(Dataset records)
+--
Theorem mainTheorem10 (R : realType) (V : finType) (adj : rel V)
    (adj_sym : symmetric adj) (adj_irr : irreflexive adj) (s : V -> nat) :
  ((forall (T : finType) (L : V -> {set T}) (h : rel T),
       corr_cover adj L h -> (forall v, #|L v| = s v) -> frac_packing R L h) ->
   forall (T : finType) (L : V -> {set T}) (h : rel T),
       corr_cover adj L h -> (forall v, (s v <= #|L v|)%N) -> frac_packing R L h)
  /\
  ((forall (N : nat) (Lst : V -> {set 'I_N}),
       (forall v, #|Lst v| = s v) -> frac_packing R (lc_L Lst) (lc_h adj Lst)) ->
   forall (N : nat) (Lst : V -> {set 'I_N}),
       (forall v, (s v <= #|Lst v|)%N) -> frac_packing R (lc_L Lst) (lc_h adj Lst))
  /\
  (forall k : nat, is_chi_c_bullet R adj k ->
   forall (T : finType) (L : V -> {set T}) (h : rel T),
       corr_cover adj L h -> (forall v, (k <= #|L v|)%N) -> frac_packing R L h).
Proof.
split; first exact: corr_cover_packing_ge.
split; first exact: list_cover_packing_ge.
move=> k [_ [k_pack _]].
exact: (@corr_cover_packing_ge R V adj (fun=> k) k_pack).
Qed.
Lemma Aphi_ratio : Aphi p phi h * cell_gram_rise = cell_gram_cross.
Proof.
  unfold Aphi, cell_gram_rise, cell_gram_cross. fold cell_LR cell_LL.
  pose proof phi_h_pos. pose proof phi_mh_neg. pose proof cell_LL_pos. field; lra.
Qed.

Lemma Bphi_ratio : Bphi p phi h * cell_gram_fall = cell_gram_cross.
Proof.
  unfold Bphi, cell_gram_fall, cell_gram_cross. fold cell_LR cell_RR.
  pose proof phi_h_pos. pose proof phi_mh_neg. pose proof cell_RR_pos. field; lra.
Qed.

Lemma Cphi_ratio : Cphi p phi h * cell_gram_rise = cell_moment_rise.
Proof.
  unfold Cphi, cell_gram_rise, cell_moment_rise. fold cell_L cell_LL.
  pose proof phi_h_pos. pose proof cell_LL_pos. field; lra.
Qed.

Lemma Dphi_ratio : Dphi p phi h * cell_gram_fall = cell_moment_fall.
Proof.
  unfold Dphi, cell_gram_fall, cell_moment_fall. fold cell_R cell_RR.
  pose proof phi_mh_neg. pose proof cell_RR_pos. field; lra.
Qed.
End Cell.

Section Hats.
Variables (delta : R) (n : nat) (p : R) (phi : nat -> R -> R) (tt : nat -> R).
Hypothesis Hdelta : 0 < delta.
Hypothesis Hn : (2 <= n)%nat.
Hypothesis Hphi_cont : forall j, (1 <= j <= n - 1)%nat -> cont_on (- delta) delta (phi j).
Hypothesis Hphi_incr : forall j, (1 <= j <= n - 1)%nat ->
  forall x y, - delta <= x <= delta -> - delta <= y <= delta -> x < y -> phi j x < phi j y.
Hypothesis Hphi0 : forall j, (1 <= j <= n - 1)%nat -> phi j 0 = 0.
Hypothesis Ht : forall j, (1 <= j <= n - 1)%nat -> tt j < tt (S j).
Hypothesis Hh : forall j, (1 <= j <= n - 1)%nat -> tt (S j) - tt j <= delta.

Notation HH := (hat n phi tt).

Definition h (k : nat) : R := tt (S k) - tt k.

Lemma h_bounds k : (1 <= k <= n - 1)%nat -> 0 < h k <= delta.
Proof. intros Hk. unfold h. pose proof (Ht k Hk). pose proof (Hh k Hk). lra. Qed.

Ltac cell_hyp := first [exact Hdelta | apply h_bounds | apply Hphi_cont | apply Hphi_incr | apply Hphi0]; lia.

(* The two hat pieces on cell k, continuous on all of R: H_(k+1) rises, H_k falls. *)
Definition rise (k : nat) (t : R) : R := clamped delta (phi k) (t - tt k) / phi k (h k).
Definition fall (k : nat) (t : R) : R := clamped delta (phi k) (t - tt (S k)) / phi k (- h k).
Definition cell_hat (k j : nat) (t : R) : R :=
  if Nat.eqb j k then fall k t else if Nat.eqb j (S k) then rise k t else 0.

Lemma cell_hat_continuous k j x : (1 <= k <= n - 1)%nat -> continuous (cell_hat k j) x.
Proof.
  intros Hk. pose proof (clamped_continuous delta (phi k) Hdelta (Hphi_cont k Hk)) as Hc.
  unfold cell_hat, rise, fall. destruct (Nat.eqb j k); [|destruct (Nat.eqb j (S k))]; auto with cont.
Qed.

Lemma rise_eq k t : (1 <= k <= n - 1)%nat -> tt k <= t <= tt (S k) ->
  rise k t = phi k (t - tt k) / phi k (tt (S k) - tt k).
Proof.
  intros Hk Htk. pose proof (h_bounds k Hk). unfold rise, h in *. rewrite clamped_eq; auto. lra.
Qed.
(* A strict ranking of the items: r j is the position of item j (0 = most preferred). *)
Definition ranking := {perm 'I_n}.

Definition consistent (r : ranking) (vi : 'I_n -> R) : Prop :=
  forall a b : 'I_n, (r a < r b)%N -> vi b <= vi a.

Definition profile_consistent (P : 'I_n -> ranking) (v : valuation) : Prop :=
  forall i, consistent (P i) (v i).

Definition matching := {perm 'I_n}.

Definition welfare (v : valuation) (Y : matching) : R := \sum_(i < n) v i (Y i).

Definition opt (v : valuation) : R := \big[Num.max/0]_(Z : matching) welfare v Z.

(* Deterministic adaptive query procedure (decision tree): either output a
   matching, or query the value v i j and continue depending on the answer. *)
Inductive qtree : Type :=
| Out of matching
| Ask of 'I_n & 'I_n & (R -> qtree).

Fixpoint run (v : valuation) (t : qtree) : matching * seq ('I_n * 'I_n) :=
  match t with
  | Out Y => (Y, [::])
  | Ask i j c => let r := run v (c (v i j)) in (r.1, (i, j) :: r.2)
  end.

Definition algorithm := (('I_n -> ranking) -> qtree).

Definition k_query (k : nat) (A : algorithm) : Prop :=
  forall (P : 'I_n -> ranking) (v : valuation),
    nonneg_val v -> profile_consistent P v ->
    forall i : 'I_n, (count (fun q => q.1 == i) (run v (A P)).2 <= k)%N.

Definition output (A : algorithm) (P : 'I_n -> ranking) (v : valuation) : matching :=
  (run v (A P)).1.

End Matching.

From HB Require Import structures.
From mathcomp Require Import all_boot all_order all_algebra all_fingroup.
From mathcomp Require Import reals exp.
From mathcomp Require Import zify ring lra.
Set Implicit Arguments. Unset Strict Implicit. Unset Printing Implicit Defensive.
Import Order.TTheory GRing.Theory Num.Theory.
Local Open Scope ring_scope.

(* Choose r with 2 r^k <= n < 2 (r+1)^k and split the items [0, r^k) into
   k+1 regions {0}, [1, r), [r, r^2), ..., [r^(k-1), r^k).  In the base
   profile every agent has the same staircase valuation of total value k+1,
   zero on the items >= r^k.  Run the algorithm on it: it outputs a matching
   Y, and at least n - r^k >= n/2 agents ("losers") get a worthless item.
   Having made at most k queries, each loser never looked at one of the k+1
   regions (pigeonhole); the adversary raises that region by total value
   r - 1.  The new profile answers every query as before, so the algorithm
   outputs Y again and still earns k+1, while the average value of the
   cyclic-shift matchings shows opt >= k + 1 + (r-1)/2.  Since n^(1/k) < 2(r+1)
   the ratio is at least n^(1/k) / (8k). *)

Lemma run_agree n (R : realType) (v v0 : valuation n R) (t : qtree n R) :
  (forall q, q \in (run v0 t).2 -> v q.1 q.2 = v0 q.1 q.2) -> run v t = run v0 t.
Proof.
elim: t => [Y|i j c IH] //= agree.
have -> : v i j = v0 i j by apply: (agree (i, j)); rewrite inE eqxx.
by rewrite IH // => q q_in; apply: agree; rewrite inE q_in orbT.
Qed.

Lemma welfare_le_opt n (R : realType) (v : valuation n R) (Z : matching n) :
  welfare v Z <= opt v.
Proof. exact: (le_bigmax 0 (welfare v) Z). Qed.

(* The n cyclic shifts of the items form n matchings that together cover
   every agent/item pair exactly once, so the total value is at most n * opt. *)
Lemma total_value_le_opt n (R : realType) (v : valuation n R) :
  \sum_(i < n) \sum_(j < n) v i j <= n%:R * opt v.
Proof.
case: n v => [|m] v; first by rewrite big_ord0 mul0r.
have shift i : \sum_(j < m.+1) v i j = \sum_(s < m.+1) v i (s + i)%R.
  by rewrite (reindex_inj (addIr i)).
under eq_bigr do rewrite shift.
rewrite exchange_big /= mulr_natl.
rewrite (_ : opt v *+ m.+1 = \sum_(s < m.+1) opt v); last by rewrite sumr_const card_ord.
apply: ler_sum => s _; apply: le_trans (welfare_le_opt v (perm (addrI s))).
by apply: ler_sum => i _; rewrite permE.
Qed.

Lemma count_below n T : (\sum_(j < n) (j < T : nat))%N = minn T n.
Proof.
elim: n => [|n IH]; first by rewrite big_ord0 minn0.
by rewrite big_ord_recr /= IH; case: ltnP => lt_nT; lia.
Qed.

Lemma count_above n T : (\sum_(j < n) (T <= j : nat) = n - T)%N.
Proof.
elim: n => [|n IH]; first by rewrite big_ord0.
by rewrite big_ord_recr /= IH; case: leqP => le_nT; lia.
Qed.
+--
__Task instructions__.
The reply must consist solely of the lines from the one containing "(forall q, q" through the last line of the data, reproduced exactly.

__Response to this task__.
  (forall q, q \in (run v0 t).2 -> v q.1 q.2 = v0 q.1 q.2) -> run v t = run v0 t.
Proof.
elim: t => [Y|i j c IH] //= agree.
have -> : v i j = v0 i j by apply: (agree (i, j)); rewrite inE eqxx.
by rewrite IH // => q q_in; apply: agree; rewrite inE q_in orbT.
Qed.

Lemma welfare_le_opt n (R : realType) (v : valuation n R) (Z : matching n) :
  welfare v Z <= opt v.
Proof. exact: (le_bigmax 0 (welfare v) Z). Qed.

(* The n cyclic shifts of the items form n matchings that together cover
   every agent/item pair exactly once, so the total value is at most n * opt. *)
Lemma total_value_le_opt n (R : realType) (v : valuation n R) :
  \sum_(i < n) \sum_(j < n) v i j <= n%:R * opt v.
Proof.
case: n v => [|m] v; first by rewrite big_ord0 mul0r.
have shift i : \sum_(j < m.+1) v i j = \sum_(s < m.+1) v i (s + i)%R.
  by rewrite (reindex_inj (addIr i)).
under eq_bigr do rewrite shift.
rewrite exchange_big /= mulr_natl.
rewrite (_ : opt v *+ m.+1 = \sum_(s < m.+1) opt v); last by rewrite sumr_const card_ord.
apply: ler_sum => s _; apply: le_trans (welfare_le_opt v (perm (addrI s))).
by apply: ler_sum => i _; rewrite permE.
Qed.

Lemma count_below n T : (\sum_(j < n) (j < T : nat))%N = minn T n.
Proof.
elim: n => [|n IH]; first by rewrite big_ord0 minn0.
by rewrite big_ord_recr /= IH; case: ltnP => lt_nT; lia.
Qed.

Lemma count_above n T : (\sum_(j < n) (T <= j : nat) = n - T)%N.
Proof.
elim: n => [|n IH]; first by rewrite big_ord0.
by rewrite big_ord_recr /= IH; case: leqP => le_nT; lia.
Qed.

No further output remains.